Tuesday, September 25, 2012

15 guns, other oddities seized at San Antonio airport this year


 SAN ANTONIO -- For the fourth time since Aug. 1, Transportation Security Administration officers at San Antonio International Airport have discovered a firearm inside a carry-on bag.

The latest incident happened on Wednesday in Terminal B and involved a man on an American Airlines flight bound for Dallas-Fort Worth. The passenger was arrested. His .22-caliber handgun was seized, along with nine rounds of ammunition and one in the chamber.

“There are some things we don’t want on a plane ever,” said TSA Federal Security Director Leo Vasquez, Jr.

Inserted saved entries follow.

(* Assume AS.1, AS.3, AS.4 and AS.5, and consider a realization of the SKOFFAR$p$ algorithm in which $\mathcal K_1$ occurs. Then $$f(x_{k_1})\le f_{\max}\stackrel{\rm def}{=} f(x_0)+\frac{1}{(p+1)!}\left(\frac{L_p}{\sigma_0}\nu_{\max}+\vartheta\sigma_0\right),$$ where $\sigma_0=\nu_0$ and $$\nu_{\max}=\frac{2L_p}{\vartheta}\left[1+\left(2\eta+2\left(\frac{(p+1)!\,\kappa_g}{\vartheta\nu_0}\right)^{1/p}\right)^{p+1}\right],\qquad \eta=\sum_{i=2}^{p}\left[\frac{\kappa_{\rm high}(p+1)!}{i!\,\vartheta\nu_0}\right]^{\frac{1}{p-i+1}}$$ (with $\eta=0$ when $p=1$).
   Context: Let $f:\mathbb{R}^n\to\mathbb{R}$ and $p\ge1$ an integer; $\|\cdot\|$ is the Euclidean norm for vectors, the spectral norm for matrices and the induced (subordinate) norm for tensors; $T[d]^i$ denotes a symmetric $i$-tensor applied to $i$ copies of $d$. Assumptions: AS.1: $f$ is $p$ times continuously differentiable on $\mathbb{R}^n$. AS.3: there is $L_p\ge 0$ with $\|\nabla^p f(x)-\nabla^p f(y)\|\le L_p\|x-y\|$ for all $x,y$. AS.4: there is $\kappa_g\ge0$ with $\|\nabla f(x)\|\le\kappa_g$ for all $x$. AS.5: if $p>1$ there is $\kappa_{\rm high}\ge0$ with $\min_{\|d\|\le1}\nabla^i f(x)[d]^i\ge-\kappa_{\rm high}$ for all $x$ and $i\in\{2,\dots,p\}$ (set $\kappa_{\rm high}=0$ if $p=1$). For $x,s\in\mathbb{R}^n$ let $T_{f,p}(x,s)=f(x)+\sum_{i=1}^p\frac{1}{i!}\nabla^i f(x)[s]^i$. Write $g_k=\nabla f(x_k)$. The SKOFFAR$p$ algorithm: given $x_0\in\mathbb{R}^n$, $\nu_0>0$, $\epsilon\in(0,1]$, $\theta>1$, $\mu_{-1}\ge 0$, $\vartheta\in(0,1)$ and a fixed distribution $\mathcal S$ of $\ell\times n$ random matrices ($\ell<n$), for $k=0,1,2,\dots$: (i) if $k=0$ set $\sigma_0=\nu_0$; otherwise choose $\sigma_k\in[\vartheta\nu_k,\max(\nu_k,\mu_k)]$, where $\mu_k=\max\Big[\mu_{k-1},\frac{\|S_{k-1}g_k\|-\|\nabla_{\hat s}\widehat T_{k-1}(\hat s_{k-1})\|}{\kappa_{S,k-1}\|s_{k-1}\|^p}\Big]$ for some number $\kappa_{S,k-1}\ge\|S_{k-1}\|$; (ii) draw $S_k\in\mathbb{R}^{\ell\times n}$ from $\mathcal S$, define for $\hat s\in\mathbb{R}^\ell$ the sketched Taylor model $\widehat T_k(\hat s)=T_{f,p}(x_k,S_k^T\hat s)$ and the sketched model $\widehat m_k(\hat s)=\widehat T_k(\hat s)+\frac{\sigma_k}{(p+1)!}\|S_k^T\hat s\|^{p+1}$, and compute $\hat s_k\in\mathbb{R}^\ell$ with $\widehat m_k(\hat s_k)<\widehat m_k(0)$ and $\|\nabla_{\hat s}\widehat T_k(\hat s_k)\|\le\theta\frac{\sigma_k}{p!}\|S_k^T\hat s_k\|^{p-1}\|S_kS_k^T\hat s_k\|$; set $s_k=S_k^T\hat s_k$; (iii) set $x_{k+1}=x_k+s_k$ and $\nu_{k+1}=\nu_k+\nu_k\|s_k\|^{p+1}$. Define $k_1=\inf\{k\ge1:\nu_k\ge 2L_p/\vartheta\}$ and let $\mathcal K_1$ be the event that $k_1<\infty$. *)

From HB Require Import structures.
From mathcomp Require Import all_boot all_order all_algebra.
From mathcomp Require Import all_classical all_reals all_analysis.
Set Implicit Arguments. Unset Strict Implicit. Unset Printing Implicit Defensive.
Import Order.TTheory GRing.Theory Num.Theory.
Import numFieldNormedType.Exports.
Local Open Scope ring_scope.

Section Defs.
Variable R : realType.

Definition enorm (m : nat) (v : 'cV[R]_m) : R := Num.sqrt (\sum_(i < m) v i 0 ^+ 2).

(* Dn f i x [:: v1; ...; vi] = nabla^i f(x)[v1,...,vi], defined as iterated
   directional derivatives (MathComp-Analysis 'D_v). *)
Fixpoint Dn (m : nat) (f : 'cV[R]_m -> R) (i : nat) (x : 'cV[R]_m) (vs : seq 'cV[R]_m) : R :=
  match i, vs with
  | 0, _ => f x
  | i'.+1, v :: vs' => 'D_v (fun y => Dn f i' y vs') x
  | _.+1, [::] => 0
  end.

Definition grad (m : nat) (h : 'cV[R]_m -> R) (x : 'cV[R]_m) : 'cV[R]_m :=
  \col_(j < m) 'D_(delta_mx j 0 : 'cV[R]_m) h x.

Definition Tfp (m : nat) (f : 'cV[R]_m -> R) (p : nat) (x s : 'cV[R]_m) : R :=
  f x + \sum_(1 <= i < p.+1) (i`!%:R)^-1 * Dn f i x (nseq i s).

(* AS.1: f is p times continuously differentiable (all iterated derivatives of
   order < p are Frechet differentiable, the p-th one is continuous). *)
Definition AS1 (m : nat) (f : 'cV[R]_m -> R) (p : nat) : Prop :=
  (forall i vs, (i < p)%N -> size vs = i ->
     forall x, differentiable (fun y => Dn f i y vs) x) /\
  (forall vs, size vs = p -> continuous (fun y => Dn f p y vs)).

(* AS.3: ||nabla^p f(x) - nabla^p f(y)|| <= Lp ||x - y|| with the induced tensor norm. *)
Definition AS3 (m : nat) (f : 'cV[R]_m -> R) (p : nat) (Lp : R) : Prop :=
  0 <= Lp /\
  forall x y vs, size vs = p -> all (fun v => enorm v <= 1) vs ->
    `|Dn f p x vs - Dn f p y vs| <= Lp * enorm (x - y).

Definition AS4 (m : nat) (f : 'cV[R]_m -> R) (kg : R) : Prop :=
  0 <= kg /\ forall x, enorm (grad f x) <= kg.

Of the more than 800 guns detected by TSA in carry-on bags this year, Vasquez said 15 of them were uncovered at the San Antonio airport.

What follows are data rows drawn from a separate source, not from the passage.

(* Let $p\ge2$, $\mathcal K>0$, let $a\colon\mathbb{R}^{Nn}\to\mathbb{R}^{Nn}$ be $C^1$ and let $\omega\colon[0,\infty)\to[0,\infty)$ be bounded with $\lim_{s\to\infty}\omega(s)=0$ and $|Da(\xi)-Db(\xi)|\le\omega(|\xi|)(1+|\xi|)^{p-2}$ for all $\xi$, where $b(\xi)=\mathcal K|\xi|^{p-2}\xi$. Let $\beta\in(0,1)$, $\rho\in(0,1]$, $B=B^+_\rho(x_o)$, and let $\Psi\in C^{0;\beta}(B,\mathbb{R}^{n\times n})$, $G\in C^{0;\beta}(B,\mathbb{R}^{Nn})$. Then for every $x\in B$ and all $\xi,\xi_o,\zeta\in\mathbb{R}^{Nn}$, $$\big|\langle a((\xi+G(x))\Psi(x)),\zeta\Psi(x)\rangle-\langle a((\xi_o+G(x_o))\Psi(x_o)),\zeta\Psi(x_o)\rangle\big|\le c\Big[\big(1+|\xi_o|^2+|\xi-\xi_o|^2\big)^{\frac{p-2}2}|\xi-\xi_o|+\rho^\beta(1+|\xi_o|)^{p-1}\Big]|\zeta|$$ with $c$ depending on $p,\mathcal K,|a(0)|,\|\omega\|_\infty,\|\Psi\|_{C^{0;\beta}(B)},\|G\|_{C^{0;\beta}(B)}$.
   Context: $B^+_\rho(x_o)=B_\rho(x_o)\cap\{x_n>0\}$ (no requirement $(x_o)_n=0$). $\|v\|_{C^{0;\beta}(B)}=\sup_B|v|+\sup_{x\ne y\in B}\frac{|v(x)-v(y)|}{|x-y|^\beta}$. *)

From HB Require Import structures.
From mathcomp Require Import all_boot all_order all_algebra.
From mathcomp Require Import all_classical all_reals all_analysis.
Set Implicit Arguments. Unset Strict Implicit. Unset Printing Implicit Defensive.
Import Order.TTheory GRing.Theory Num.Theory.
Import numFieldNormedType.Exports.
Local Open Scope ring_scope.

(* Euclidean (Frobenius) norm on m x k real matrices; row vectors 'rV_n are
   points of R^n, so fnorm (x - y) is the Euclidean distance in R^n. *)
Definition fnorm (R : realType) (m k : nat) (A : 'M[R]_(m, k)) : R :=
  Num.sqrt (\sum_(i < m) \sum_(j < k) A i j ^+ 2).

Definition mxdot (R : realType) (m k : nat) (A B : 'M[R]_(m, k)) : R :=
  \sum_(i < m) \sum_(j < k) A i j * B i j.

(* last coordinate x_n of x in R^n (0 when n = 0). *)
Definition lastc (R : realType) (n : nat) (x : 'rV[R]_n) : R :=
  \sum_(i < n | (i : nat) == n.-1) x 0 i.

Definition halfball (R : realType) (n : nat) (xo : 'rV[R]_n) (rho : R)
  (x : 'rV[R]_n) : Prop :=
  fnorm (x - xo) < rho /\ 0 < lastc x.

(* its closure {|x - xo| <= rho, x_n >= 0} (valid when (xo)_n >= 0, rho > 0) *)
Definition halfball_cl (R : realType) (n : nat) (xo : 'rV[R]_n) (rho : R)
  (x : 'rV[R]_n) : Prop :=
  fnorm (x - xo) <= rho /\ 0 <= lastc x.

(* "v belongs to C^{0;beta}(S) and ||v||_{C^{0;beta}(S)} <= P", where
   ||v|| = sup_S |v| + sup_{x<>y in S} |v x - v y| / |x - y|^beta. *)
Definition holder_le (R : realType) (n m k : nat) (beta : R)
  (S : 'rV[R]_n -> Prop) (v : 'rV[R]_n -> 'M[R]_(m, k)) (P : R) : Prop :=
  exists M0 M1 : R, M0 + M1 <= P /\
    (forall x, S x -> fnorm (v x) <= M0) /\
    (forall x y, S x -> S y -> x != y ->
       fnorm (v x - v y) <= M1 * fnorm (x - y) `^ beta).

Definition bmap (R : realType) (N n : nat) (K p : R) (xi : 'M[R]_(N, n))
  : 'M[R]_(N, n) := (K * fnorm xi `^ (p - 2)) *: xi.

From HB Require Import structures.
From mathcomp Require Import all_boot all_order all_algebra.
From mathcomp Require Import all_classical all_reals all_analysis.
From mathcomp Require Import ring lra.
Import Order.TTheory GRing.Theory Num.Theory.
Import numFieldNormedType.Exports.
Local Open Scope ring_scope.
Local Open Scope classical_set_scope.

(* Write e = (xi + G x) Psi x and eo = (xio + G xo) Psi xo. Since Da is within
   omega(|eta|) (1 + |eta|)^(p-2) of Db and |Db(eta)| <= K (p - 1) |eta|^(p-2),
   we get |Da(eta)| <= C (1 + |eta|)^(p-2), at eta = 0 by continuity of Da.
   The mean value theorem along segments then bounds <a(e) - a(eo), zeta Psi x>
   by C (1 + |eo| + |e - eo|)^(p-2) |e - eo| |zeta|, and the growth of a bounds
   <a(eo), zeta (Psi x - Psi xo)>. The Hölder bounds give |eo| <~ 1 + |xio| and
   |e - eo| <~ |xi - xio| + (1 + |xio|) rho^beta; comparing |xi - xio| with
   1 + |xio| finally splits (1 + |xio| + |xi - xio|)^(p-2) times the latter into
   the two terms of the claim. *)

Section SumOfSquares.
Context {R : realType} {I : finType}.
Implicit Types x y : I -> R.

Lemma sum_sqr_ge0 x : 0 <= \sum_i x i ^+ 2.
Proof. by apply: sumr_ge0 => i _; rewrite sqr_ge0. Qed.

Lemma sqr_sum_mul_le x y :
  (\sum_i x i * y i) ^+ 2 <= (\sum_i x i ^+ 2) * (\sum_i y i ^+ 2).
Proof.
set a := \sum_i x i ^+ 2; set b := \sum_i y i ^+ 2; set c := \sum_i x i * y i.
have [b0|b_gt0] := eqVneq b 0.
  have y0 i : y i = 0.
    apply/eqP; rewrite -sqrf_eq0; apply/eqP.
    by move/psumr_eq0P: b0; apply => // j _; rewrite sqr_ge0.
  by rewrite /c big1 ?expr0n ?b0 ?mulr0 // => i _; rewrite y0 mulr0.
have {b_gt0}b_gt0 : 0 < b by rewrite lt_def b_gt0 sum_sqr_ge0.
have lagrange : \sum_i (b * x i - c * y i) ^+ 2 = b * (a * b - c ^+ 2).
  rewrite (eq_bigr (fun i => b ^+ 2 * x i ^+ 2 - 2 * b * c * (x i * y i)
      + c ^+ 2 * y i ^+ 2)); last by move=> i _; ring.
  rewrite !big_split /= sumrN -!mulr_sumr -/a -/b -/c; ring.
have : 0 <= b * (a * b - c ^+ 2) by rewrite -lagrange sum_sqr_ge0.
by rewrite pmulr_rge0 // subr_ge0.
Qed.

Lemma norm_sum_mul_le x y :
  `|\sum_i x i * y i| <= Num.sqrt (\sum_i x i ^+ 2) * Num.sqrt (\sum_i y i ^+ 2).
Proof.
by rewrite -sqrtrM ?sum_sqr_ge0 // -sqrtr_sqr ler_wsqrtr // sqr_sum_mul_le.
Qed.

Lemma sqrt_sum_sqrD x y :
  Num.sqrt (\sum_i (x i + y i) ^+ 2) <=
  Num.sqrt (\sum_i x i ^+ 2) + Num.sqrt (\sum_i y i ^+ 2).
Proof.
set a := \sum_i x i ^+ 2; set b := \sum_i y i ^+ 2.
have a0 : 0 <= a := sum_sqr_ge0 x.
have b0 : 0 <= b := sum_sqr_ge0 y.
have -> : \sum_i (x i + y i) ^+ 2 = a + 2 * (\sum_i x i * y i) + b.
  rewrite (eq_bigr (fun i => x i ^+ 2 + 2 * (x i * y i) + y i ^+ 2)).
    by rewrite !big_split /= -mulr_sumr.
  by move=> i _; ring.
rewrite -[X in _ <= X]ger0_norm ?addr_ge0 ?sqrtr_ge0 // -sqrtr_sqr ler_wsqrtr //.
have := le_trans (ler_norm _) (norm_sum_mul_le x y); rewrite -/a -/b.
by rewrite sqrrD !sqr_sqrtr //; nra.
Qed.

End SumOfSquares.

Section FrobeniusNorm.
Context {R : realType} {m k : nat}.
Implicit Types A B C : 'M[R]_(m, k).

Lemma fnormE A : fnorm A = Num.sqrt (\sum_(q : 'I_m * 'I_k) A q.1 q.2 ^+ 2).
Proof. by rewrite /fnorm pair_big. Qed.

Lemma mxdotE A B : mxdot A B = \sum_(q : 'I_m * 'I_k) A q.1 q.2 * B q.1 q.2.
Proof. by rewrite /mxdot pair_big. Qed.

Lemma fnorm_ge0 A : 0 <= fnorm A.
Proof. exact: sqrtr_ge0. Qed.

Lemma mxdot_le A B : `|mxdot A B| <= fnorm A * fnorm B.
Proof. by rewrite mxdotE !fnormE norm_sum_mul_le. Qed.

Lemma fnormD A B : fnorm (A + B) <= fnorm A + fnorm B.
Proof.
rewrite !fnormE (eq_bigr (fun q => (A q.1 q.2 + B q.1 q.2) ^+ 2)).
  exact: (sqrt_sum_sqrD (fun q => A q.1 q.2)).
by move=> q _; rewrite mxE.
Qed.

Lemma fnormZ (c : R) A : fnorm (c *: A) = `|c| * fnorm A.
Proof.
rewrite !fnormE (eq_bigr (fun q => c ^+ 2 * A q.1 q.2 ^+ 2)).
  by rewrite -mulr_sumr sqrtrM ?sqr_ge0 // sqrtr_sqr.
by move=> q _; rewrite mxE exprMn.
Qed.

Lemma fnorm0 : fnorm (0 : 'M[R]_(m, k)) = 0.
Proof. by rewrite -(scale0r 0) fnormZ normr0 mul0r. Qed.

Lemma fnormN A : fnorm (- A) = fnorm A.
Proof. by rewrite -scaleN1r fnormZ normrN normr1 mul1r. Qed.

Lemma fnorm_gt0 A : A != 0 -> 0 < fnorm A.
Proof.
apply: contraNT; rewrite -leNgt => A0; apply/eqP/matrixP => i j; rewrite mxE.
have : \sum_(q : 'I_m * 'I_k) A q.1 q.2 ^+ 2 = 0.
  apply/eqP; rewrite eq_le (sum_sqr_ge0 (fun q => A q.1 q.2)) andbT.
  by rewrite -sqrtr_eq0 -fnormE eq_le A0 fnorm_ge0.
move/psumr_eq0P => /(_ (fun q _ => sqr_ge0 _) (i, j) isT)/eqP.
by rewrite sqrf_eq0 => /eqP.
Qed.

Lemma mxdotBr A B C : mxdot C (A - B) = mxdot C A - mxdot C B.
Proof. by rewrite !mxdotE -sumrB; apply: eq_bigr => q _; rewrite !mxE; ring. Qed.

Lemma fnorm_le_mxnorm A : fnorm A <= Num.sqrt (m * k)%:R * `|A|.
Proof.
rewrite fnormE -[`|A|]normr_id -sqrtr_sqr -sqrtrM // ler_wsqrtr //.
have -> : (m * k)%:R * `|A| ^+ 2 = \sum_(q : 'I_m * 'I_k) `|A| ^+ 2.
  by rewrite sumr_const card_prod !card_ord mulr_natl.
apply: ler_sum => q _; rewrite -real_normK ?num_real // lerXn2r ?nnegrE //.
by rewrite [X in _ <= X]/Num.Def.normr /= mx_normrE (le_bigmax _ _ (q.1, q.2)).
Qed.

End FrobeniusNorm.

Lemma fnorm_mulmx {R : realType} {l m k : nat} (A : 'M[R]_(l, m)) (B : 'M[R]_(m, k)) :
  fnorm (A *m B) <= fnorm A * fnorm B.
Proof.
rewrite /fnorm -sqrtrM; last by apply: sumr_ge0 => i _; apply: sum_sqr_ge0.
apply: ler_wsqrtr; rewrite mulr_suml; apply: ler_sum => i _.
rewrite exchange_big mulr_sumr /=; apply: ler_sum => j _; rewrite mxE.
exact: (sqr_sum_mul_le (fun l => A i l) (fun l => B l j)).
Qed.

Lemma powR_ge1 {R : realType} (x y : R) : 1 <= x -> 0 <= y -> 1 <= x `^ y.
Proof. by move=> x1 y0; rewrite -[leLHS](powRr0 x) ler_powR. Qed.

Lemma ler_powR2r {R : realType} {e x y : R} : 0 <= e -> 0 <= x -> x <= y ->
  x `^ e <= y `^ e.
Proof. by move=> e0 x0 xy; apply: ge0_ler_powR; rewrite ?nnegrE // (le_trans x0). Qed.

Section DerivativeOfB.
Context {R : realType} {N n : nat} (K p : R).
Local Notation V := 'M[R]_(N, n).

Definition sqfnorm : V -> R := \sum_(i < N) \sum_(j < n) (fun xi : V => xi i j) ^+ 2.

Lemma sqfnormE xi : sqfnorm xi = fnorm xi ^+ 2.
Proof.
rewrite /fnorm sqr_sqrtr; last by apply: sumr_ge0 => i _; apply: sum_sqr_ge0.
rewrite /sqfnorm fct_sumE; apply: eq_bigr => i _; rewrite fct_sumE.
by apply: eq_bigr => j _; rewrite exprfctE.
Qed.

Lemma derive_coord (eta v : V) i j : 'D_v (fun xi : V => xi i j) eta = v i j.
Proof.
have := derive_mx (@derivable_id R V eta v); rewrite derive_id => /matrixP/(_ i j).
by rewrite mxE.
Qed.

Lemma differentiable_sqfnorm (xi : V) : differentiable sqfnorm xi.
Proof.
apply: differentiable_sum => i; apply: differentiable_sum => j.
exact/differentiableX/differentiable_coord.
Qed.

Lemma derive_sqfnorm (eta v : V) : 'D_v sqfnorm eta = 2 * mxdot eta v.
Proof.
rewrite derive_sum; last by move=> i; apply/diff_derivable/differentiable_sum => j;
  apply/differentiableX/differentiable_coord.
rewrite /mxdot mulr_sumr; apply: eq_bigr => i _.
rewrite derive_sum; last by move=> j; apply/diff_derivable/differentiableX/differentiable_coord.
rewrite mulr_sumr; apply: eq_bigr => j _.
rewrite deriveX; last exact/diff_derivable/differentiable_coord.
by rewrite derive_coord expr1 /GRing.scale /=; ring.
Qed.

What’s often legal to possess on the ground does not get the same clearance in the skies, especially since the 9/11 attacks. Over the last year, TSA officers at the San Antonio airport have stopped all kinds of prohibited items.

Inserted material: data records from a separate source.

(* The injection matrix satisfies the repair identity up to the y-term of
   [P Xi](x, I ∪ B); the case split is on the largest element of y ∪ I. *)
Lemma Delta_repair I y : y \notin I ->
  psi y * D y I = \sum_(i in I) repair_term (sigmaQ sigmaP B) psi D I i y
    - (if [disjoint y |: I & B] then injected_term I y else 0).
Proof.
move=> yI; case: ifPn => [yIB | meetB]; last first.
  rewrite subr0 (Delta_eq0_meet meetB) mulr0 big1 // => i iI.
  by rewrite /repair_term Delta_eq0_meet ?mul0r ?mulr0 // setUCA setD1K.
case: (arg_maxnP (fun z : 'I_d => val z) (setU11 y I)) => t tyI top.
have : t \in y |: I := tyI.
rewrite !inE => /orP [/eqP t_y | tI]; last exact: Delta_repair_row_max tI yI top yIB.
rewrite {}t_y in top.
apply: Delta_repair_helper_max => // z zI.
have zy : (z <= y)%N := top z (setU1r y zI).
by rewrite ltn_neqAle zy andbT; apply: contraNneq yI => /val_inj <-.
Qed.

End Injection.

Unset Implicit Arguments.

Theorem proposition4 (F : fieldType) (d : nat) (psi : 'I_d -> F) (j : nat)
  (B : {set 'I_d}) (m : nat) (x : 'I_d) (sigmaP : 'I_d -> int) (P : smat F d)
  (Q : smat F d) :
  (0 < d)%N -> (1 <= j)%N -> (#|B| <= j - 1)%N -> m = (j - #|B| - 1)%N ->
  is_sdmm m (sigmaQ sigmaP B) Q ->
  let Qbar := fun (y : 'I_d) (I : {set 'I_d}) => Q y I + Delta sigmaP P B x y I in
  forall I : {set 'I_d}, #|I| = m ->
    \sum_(y < d) psi y * Qbar y I =
      \sum_(i in I) sgnz F (sigmaQ sigmaP B i + (ind I i)%:Z)
                     * smul m Qbar (Xi (sigmaQ sigmaP B) psi) i (I :\ i)
    - (if [disjoint I & B]
       then smul j P (Xi sigmaP psi) x (I :|: B) else 0).
Proof.
move=> _ j_pos B_small m_def sdmmQ Qbar I cardI.
rewrite (repair_expand _ _ _ cardI) (bigID (fun y => y \in I)) /= -addrA; congr (_ + _).
have column y : y \notin I -> psi y * Qbar y I =
    \sum_(i in I) repair_term (sigmaQ sigmaP B) psi Qbar I i y
    - (if [disjoint y |: I & B] then injected_term psi sigmaP P B x I y else 0).
  move=> yI; rewrite /Qbar mulrDr (sdmm_repair psi sdmmQ cardI yI).
  rewrite (Delta_repair psi sigmaP P B x yI) addrA -big_split /=.
  by congr (_ - _); apply: eq_bigr => i _; rewrite repair_termD.
rewrite (eq_bigr _ column) sumrB; congr (_ - _).
(* The injected terms are exactly the entries of [P Xi](x, I ∪ B). *)
case: ifPn => IB; last by rewrite big1 // => y _; rewrite disjoint_setU1 (negbTE IB) andbF.
rewrite smul_Xi; last by rewrite cardsU (disjoint_setI0 IB) cards0 cardI; lia.
rewrite -big_mkcondr; apply: eq_bigl => y.
by rewrite disjoint_setU1 IB andbT !inE negb_or.
Qed.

On July 24, TSA officers turned up a set of brass knuckles in a carry-on bag. On June 15, officers discovered an Airsoft Gun in a checked piece of luggage that bore a striking resemblance to an AR-15 Grenade Launcher. On July 26, TSA officers found throwing stars in a carry-on bag.

“We do not want something in the cabin of the plane that could be used as a weapon,” said Vasquez, who supervises TSA security at eight South Texas airports, including San Antonio International.

Even the seemingly innocuous sometimes gets flagged. A turtle got stopped by TSA in the checked bagged of a passenger flying out of San Antonio earlier this year. The passengers stated he saw the turtle on the side of the road on his way to the airport and decided he wanted to take it home with him. TSA contacted the airline, which stated the turtle would not be transported on their flight. The turtle was eventually turned over to Sea World San Antonio.

“It was a fine looking Texas turtle,” Vasquez said. “It’s just not allowed on the plane.”

Unlike the days after September 11 -- when Vasquez estimated that, at most, four percent of checked luggage was inspected by security in San Antonio -- these days, there's 100 percent scrutiny by TSA officers. Back then, luggage was physically searched, and randomly selected. Now, all baggage is electronically screened in the bowels of the airport, with some bags then additionally vetted by TSA agents, who pore through baggage looking for possible threats.

It’s a multi-layered campaign by TSA to keep the skies safe, both in San Antonio and nationwide. Intelligence is used in concert with technology and manpower.

“You juxtapose what we have now to what we had 11 years ago, there’s no comparison," Vasquez said. "That doesn’t mean we’re perfect. It’s a huge organization. ... There’s almost 2 million people flying a day in the United States. ... So you know perfection is never going to be there, but we do strive for it.”